Probe care and cleaning
Probes need to be kept clean of contamination as far as possible, and not touched by hand. Probes are best kept moist with a medium appropriate for the particular probe (distilled water, which can encourage diffusion out of the electrode, is undesirable) when not in use. If the bulb becomes contaminated with use it can be cleaned in the manner recommended by the manufacturer; a quick rinse in distilled water immediately after use, blotted (not wiped) off may be sufficient. One maker of laboratory-grade equipment gives different cleaning instructions for general cleaning (15' soak in a solution of bleach and detergent), salt (hydrochloric acid solution followed by sodium hydroxide and water), grease (detergent or methanol), clogged reference junction (KCl solution), protein deposits (pepsin and HCl, 1% solution), and air bubbles.
Calibration and use
For very precise work the pH meter should be calibrated before each measurement. For normal use calibration should be performed at the beginning of each day. The reason for this is that the glass electrode does not give a reproducible e.m.f. over longer periods of time
Calibration should be performed with at least two standard buffer solutions that span the range of pH values to be measured. For general purposes buffers at pH 4.00 and pH 10.00 are acceptable. The pH meter has one control (calibrate) to set the meter reading equal to the value of the first standard buffer and a second control which is used to adjust the meter reading to the value of the second buffer. A third control allows the temperature to be set. Standard buffer sachets, which can be obtained from a variety of suppliers, usually state how the buffer value changes with temperature. For more precise measurements, a three buffer solution calibration is preferred. As pH 7 is essentially, a "zero point" calibration (akin to zeroing or taring a scale or balance), calibrating at pH 7 first, calibrating at the pH closest to the point of interest (e.g. either 4 or 10) second and checking the third point will provide a more linear accuracy to what is essentially a non-linear problem. Some meters will allow a three-point calibration and that is the preferred scheme for the most accurate work. Higher quality meters will have a provision to account for temperature coefficient correction, and high-end pH probes have temperature probes built in. The calibration process correlates the voltage produced by the probe (approximately 0.06 volts per pH unit) with the pH scale. After each single measurement, the probe is rinsed with distilled water or deionized water to remove any traces of the solution being measured, blotted with a scientific wipe to absorb any remaining water which could dilute the sample and thus alter the reading, and then quickly immersed in a solution suitable for storage of the particular probe type.
Types of pH meters
pH meters range from simple and inexpensive pen-like devices to complex and expensive laboratory instruments with computer interfaces and several inputs for indicator and temperature measurements to be entered to adjust for the variation in pH caused by temperature. Specialty meters and probes are available for use in special applications, harsh environments, etc. There are also holographic pH sensors, which allow pH measurement colorimetrically.

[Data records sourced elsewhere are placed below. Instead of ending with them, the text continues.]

(* Let $G\rightrightarrows X$ be a locally compact groupoid, $A\to X$ a Banach algebra $G$-bundle, $E\to X$ a Banach $A$-module bundle, $\sigma$ an $A$-valued multiplier for $G$, and $T:s^*E\to t^*E$ an $A$-linear almost $\sigma$-representation. Then $T$ is an invertible morphism of Banach bundles over $G$ (i.e. each $T(g)$ is invertible and $g\mapsto T(g)^{-1}$ defines a morphism $t^*E\to s^*E$ covering $\mathrm{id}_G$), and for all $g\in G$ $$\|T(g)^{-1}\|\le\frac{b(T,tg)}{1-r(T,tg)}.$$
   Context: A locally compact groupoid is a topological groupoid $G\rightrightarrows X$ (source $s$, target $t$, units $1x$, composable pairs $G\times_{s,t}G=\{(g,h):sg=th\}$) whose arrow space is locally compact Hausdorff, equipped with a continuous left Haar system $\{\mu^x\}_{x\in X}$: each $\mu^x$ is a Radon measure on $G$ with support $G^x=t^{-1}(x)$, $\int\varphi(gh)\,d\mu^{sg}(h)=\int\varphi(h)\,d\mu^{tg}(h)$ for $g\in G,\varphi\in C_c(G)$, and $x\mapsto\int\varphi\,d\mu^x$ is continuous. $Gx=t(s^{-1}(x))$ is the orbit of $x$. Banach bundle (Fell): Hausdorff space $E$ with continuous open surjection $p:E\to X$, continuous fiberwise vector operations over $\mathbb R$, continuous norm making fibers Banach spaces, such that nets $e_i$ with $pe_i\to x$, $|e_i|\to0$ converge to $0_x$. Morphisms: continuous fiberwise linear maps; pullbacks $s^*E,t^*E$ over $G$ have fibers $E_{sg}$, $E_{tg}$ at $g$. A Banach algebra bundle $A\to X$ is a Banach bundle with continuous fiberwise multiplications and a continuous unit section making fibers unital Banach algebras with $|ab|\le|a||b|$, $|1|=1$; $A^\times$ = invertible elements. A Banach $A$-module bundle is a Banach bundle $E\to X$ with a continuous fiberwise bilinear action $A\times_XE\to E$, $|ae|\le|a||e|$, $1e=e$. A Banach algebra $G$-bundle is a Banach algebra bundle with a continuous left action of $G$ by isometric algebra isomorphisms $A_{sg}\to A_{tg}$, $a\mapsto ga$. An $A$-valued multiplier is a continuous $\sigma$ on $G\times_{s,t}G$ with $\sigma(g,h)\in A^\times_{tg}$ central in $A_{tg}$, $\sigma(g,h)=1$ if $g$ or $h$ is a unit, and $\sigma(g,h)\sigma(gh,k)=g\sigma(h,k)\,\sigma(g,hk)$ for composable $g,h,k$. A pseudorepresentation is any morphism $T:s^*E\to t^*E$ covering $\mathrm{id}_G$, i.e. continuously varying bounded operators $T(g):E_{sg}\to E_{tg}$; it is $A$-linear if $T(g)(ae)=ga\cdot T(g)e$. With $\ell(\sigma,g)=\max\{1,|\sigma(g,g^{-1})^{-1}|\}$, the $\sigma$-defect and $\sigma$-bound along the orbit of $x$ are $r(T,x)=\sup_{y\in Gx}\|\mathrm{id}-T(1y)\|+\sup_{g\in t^{-1}(Gx),\,h\in G^{sg}}\ell(\sigma,g)\|\sigma(g,h)T(gh)-T(g)T(h)\|$, $b(T,x)=\sup_{g\in t^{-1}(Gx)}\ell(\sigma,g)\|T(g)\|$ (possibly infinite). $T$ is an almost $\sigma$-representation if $r(T,x)\le\min\{1/4,\,b(T,x)^{-2}/9\}$ for every $x\in X$. *)

From mathcomp Require Import all_boot all_order all_algebra.
From mathcomp Require Import all_classical all_reals all_analysis.
Import Order.TTheory GRing.Theory Num.Theory.
Import numFieldNormedType.Exports.

Set Implicit Arguments.
Unset Strict Implicit.
Unset Printing Implicit Defensive.

Local Open Scope classical_set_scope.
Local Open Scope ring_scope.

(* Topological groupoids  G ⇉ X :  source s, target t, units u,            *)
(* multiplication m (meaningful on composable pairs, s g = t h), inverse i. *)

Definition composable (G X : Type) (s t : G -> X) : set (G * G) :=
  [set gh | s gh.1 = t gh.2].

Definition is_topological_groupoid (G X : topologicalType)
  (s t : G -> X) (u : X -> G) (m : G -> G -> G) (i : G -> G) : Prop :=
  [/\ [/\ (forall x, s (u x) = x /\ t (u x) = x) &
          (forall g h, s g = t h -> s (m g h) = s h /\ t (m g h) = t g)],
      (forall g h k, s g = t h -> s h = t k -> m (m g h) k = m g (m h k)),
      (forall g, m (u (t g)) g = g /\ m g (u (s g)) = g),
      (forall g, [/\ s (i g) = t g, t (i g) = s g,
                     m g (i g) = u (t g) & m (i g) g = u (s g)]) &
      [/\ continuous s, continuous t, continuous u, continuous i &
          {within composable s t, continuous (fun gh => m gh.1 gh.2)}]].

Definition borel (G : ptopologicalType) := g_sigma_algebraType (@open G).

Definition Cc (R : realType) (G : topologicalType) (phi : G -> R) : Prop :=
  continuous phi /\ compact (closure [set g | phi g != 0]).

Definition radon (R : realType) (G : ptopologicalType)
  (mu : {measure set (borel G) -> \bar R}) : Prop :=
  [/\ (forall K : set G, compact K -> (mu K < +oo)%E),
      (forall B : set (borel G), measurable B ->
          mu B = ereal_inf [set mu U | U in [set U : set G | open U /\ B `<=` U]]) &
      (forall U : set G, open U ->
          mu U = ereal_sup [set mu K | K in [set K : set G | compact K /\ K `<=` U]])].

Definition msupport (R : realType) (G : ptopologicalType)
  (mu : {measure set (borel G) -> \bar R}) : set G :=
  [set g | forall U : set G, open U -> U g -> (0 < mu U)%E].

Definition left_haar_system (R : realType) (G : ptopologicalType) (X : topologicalType)
  (s t : G -> X) (m : G -> G -> G) (mu : X -> {measure set (borel G) -> \bar R}) : Prop :=
  [/\ (forall x, radon (mu x)),
      (forall x, msupport (mu x) = [set g | t g = x]),
      (forall (g : G) (phi : G -> R), Cc phi ->
          (\int[mu (s g)]_(h in [set h : borel G | t h = s g]) (phi (m g h))%:E)%E
          = (\int[mu (t g)]_h (phi h)%:E)%E) &
      (forall phi : G -> R, Cc phi ->
          continuous (fun x : X => fine (\int[mu x]_h (phi h)%:E)%E))].

Definition locally_compact_groupoid (R : realType) (G : ptopologicalType) (X : topologicalType)
  (s t : G -> X) (u : X -> G) (m : G -> G -> G) (i : G -> G) : Prop :=
  [/\ is_topological_groupoid s t u m i,
      hausdorff_space G, locally_compact [set: G] &
      exists mu : X -> {measure set (borel G) -> \bar R}, left_haar_system s t m mu].

(* Banach bundles (Fell), given by the total space E, projection p, zero    *)
(* section z, fiberwise addition add, scalar multiplication scal, norm nrm. *)

Definition fibered (E X : Type) (p : E -> X) : set (E * E) :=
  [set ee | p ee.1 = p ee.2].

Definition banach_bundle (R : realType) (X E : topologicalType) (p : E -> X)
  (z : X -> E) (add : E -> E -> E) (scal : R -> E -> E) (nrm : E -> R) : Prop :=
  [/\ [/\ hausdorff_space E, continuous p,
          (forall x, exists e, p e = x) &
          (forall U : set E, open U -> open (p @` U))],
      [/\ (forall x, p (z x) = x),
          (forall e e', p e = p e' -> p (add e e') = p e) &
          (forall c e, p (scal c e) = p e)],
      [/\ {within fibered p, continuous (fun ee => add ee.1 ee.2)},
          continuous (fun ce : R * E => scal ce.1 ce.2) &
          continuous nrm],
      (forall e e' e'', p e = p e' -> p e = p e'' ->
         [/\ add e e' = add e' e, add (add e e') e'' = add e (add e' e''),
             add e (z (p e)) = e, add e (scal (-1) e) = z (p e) &
             [/\ scal 1 e = e,
                 (forall a b, scal a (scal b e) = scal (a * b) e),
                 (forall a b, scal (a + b) e = add (scal a e) (scal b e)) &
                 (forall a, scal a (add e e') = add (scal a e) (scal a e'))]]) &
      [/\ [/\ (forall e, nrm e = 0 -> e = z (p e)),
          (forall c e, nrm (scal c e) = `|c| * nrm e) &
          (forall e e', p e = p e' -> nrm (add e e') <= nrm e + nrm e')],
      (forall (x : X) (v : nat -> E), (forall n, p (v n) = x) ->
         (forall eps : R, 0 < eps -> exists N : nat, forall n k : nat,
              (N <= n)%N -> (N <= k)%N -> nrm (add (v n) (scal (-1) (v k))) < eps) ->
         exists e, p e = x /\
           ((fun n => nrm (add (v n) (scal (-1) e))) @ \oo --> (0 : R))) &
      (* nets (= proper filters) e_i with p e_i -> x and |e_i| -> 0 converge to 0_x *)
      (forall (F : set_system E) (x : X), ProperFilter F ->
         (p @ F --> x) -> (nrm @ F --> (0 : R)) -> (F --> z x))]].

Definition banach_algebra_bundle (R : realType) (X A : topologicalType) (p : A -> X)
  (z : X -> A) (add : A -> A -> A) (scal : R -> A -> A) (nrm : A -> R)
  (mul : A -> A -> A) (one : X -> A) : Prop :=
  [/\ banach_bundle p z add scal nrm,
      [/\ (forall a b, p a = p b -> p (mul a b) = p a),
          (forall x, p (one x) = x),
          continuous one &
          {within fibered p, continuous (fun ab => mul ab.1 ab.2)}],
      (forall a b c, p a = p b -> p a = p c ->
         [/\ mul (add a b) c = add (mul a c) (mul b c),
             mul a (add b c) = add (mul a b) (mul a c),
             (forall k, mul (scal k a) b = scal k (mul a b)),
             (forall k, mul a (scal k b) = scal k (mul a b)) &
             mul (mul a b) c = mul a (mul b c)]),
      (forall a, mul (one (p a)) a = a /\ mul a (one (p a)) = a) &
      [/\ (forall a b, p a = p b -> nrm (mul a b) <= nrm a * nrm b) &
          (forall x, nrm (one x) = 1)]].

In October 1934 Arnold Orville Beckman registered the first patent for a complete chemical instrument for the measurement of pH, U.S. Patent No. 2,058,761, for his "acidimeter", later renamed the pH meter. Beckman developed the prototype as an assistant professor of chemistry at the California Institute of Technology, when asked to devise a quick and accurate method for measuring the acidity of lemon juice for the California Fruit Growers Exchange (Sunkist). On April 8, 1935, Beckman's renamed National Technical Laboratories focused on the making of scientific instruments, with the Arthur H. Thomas Company as a distributor for its pH meter.:131–135 In its first full year of sales, 1936, the company sold 444 pH meters for $60,000 in sales. In years to come, it would bring in millions.
Radiometer in Denmark was founded in 1935, and began marketing a pH meter for medical use around 1936, but "the development of automatic pH-meters for industrial purposes was neglected. Instead American instrument makers successfully developed industrial pH-meters with a wide variety of applications, such as in breweries, paper works, alum works, and water treatment systems." In 2004 the Beckman pH meter was designated an ACS National Historic Chemical Landmark in recognition of its significance as the first commercially successful electronic pH meter.
In the 1970s Jenco Electronics of Taiwan designed and manufactured the first portable digital pH meter. This meter was sold under Cole-Parmer's label.
Building a pH meter
A basic pH meter essentially measures the potential difference between two electrodes and displays the result calibrated in pH; the electronic circuit is very simple and easily built with a few cheap standard electronic components, plus the specialized pH probe.
- Ion-selective electrodes
- ISFET pH electrode
- Quinhydrone electrode
- Saturated calomel electrode
- Silver chloride electrode
- Standard hydrogen electrode
- "pH meter". Encyclopædia Britannica Online. 2016. Retrieved 10 March 2016.
- Oxford Dictionary of Biochemistry and Molecular Biology (2 ed.), ed. Richard Cammack, Teresa Atwood, Peter Campbell, Howard Parish, Anthony Smith, Frank Vella, and John Stirling, Oxford University Press 2006, ISBN 9780198529170
- Bitesize Bio: How to Care for Your pH Meter, Steffi Magub, 18 May 2012
- MRC lab: How to Store, Clean, and Recondition pH Electrodes
- Cleaning electrodes
- AK Yetisen, H Butt, F da Cruz Vasconcellos, Y Montelongo, CAB Davidson, J Blyth, JB Carmody, S Vignolini, U Steiner, JJ Baumberg, TD Wilkinson and CR Lowe (2013). "Light-Directed Writing of Chemically Tunable Narrow-Band Holographic Sensors.". Advanced Optical Materials. doi:10.1002/adom.201300375.
- Travis, Anthony S.; Schröter, H.G.; Homburg, E.; Morris, P.J.T. (1998). Determinants in the evolution of the European chemical industry : 1900-1939 : new technologies, political frameworks, markets and companies. Dordrecht: Kluwer Acad. Publ. p. 332. ISBN 978-0-7923-4890-0. Retrieved 29 May 2015.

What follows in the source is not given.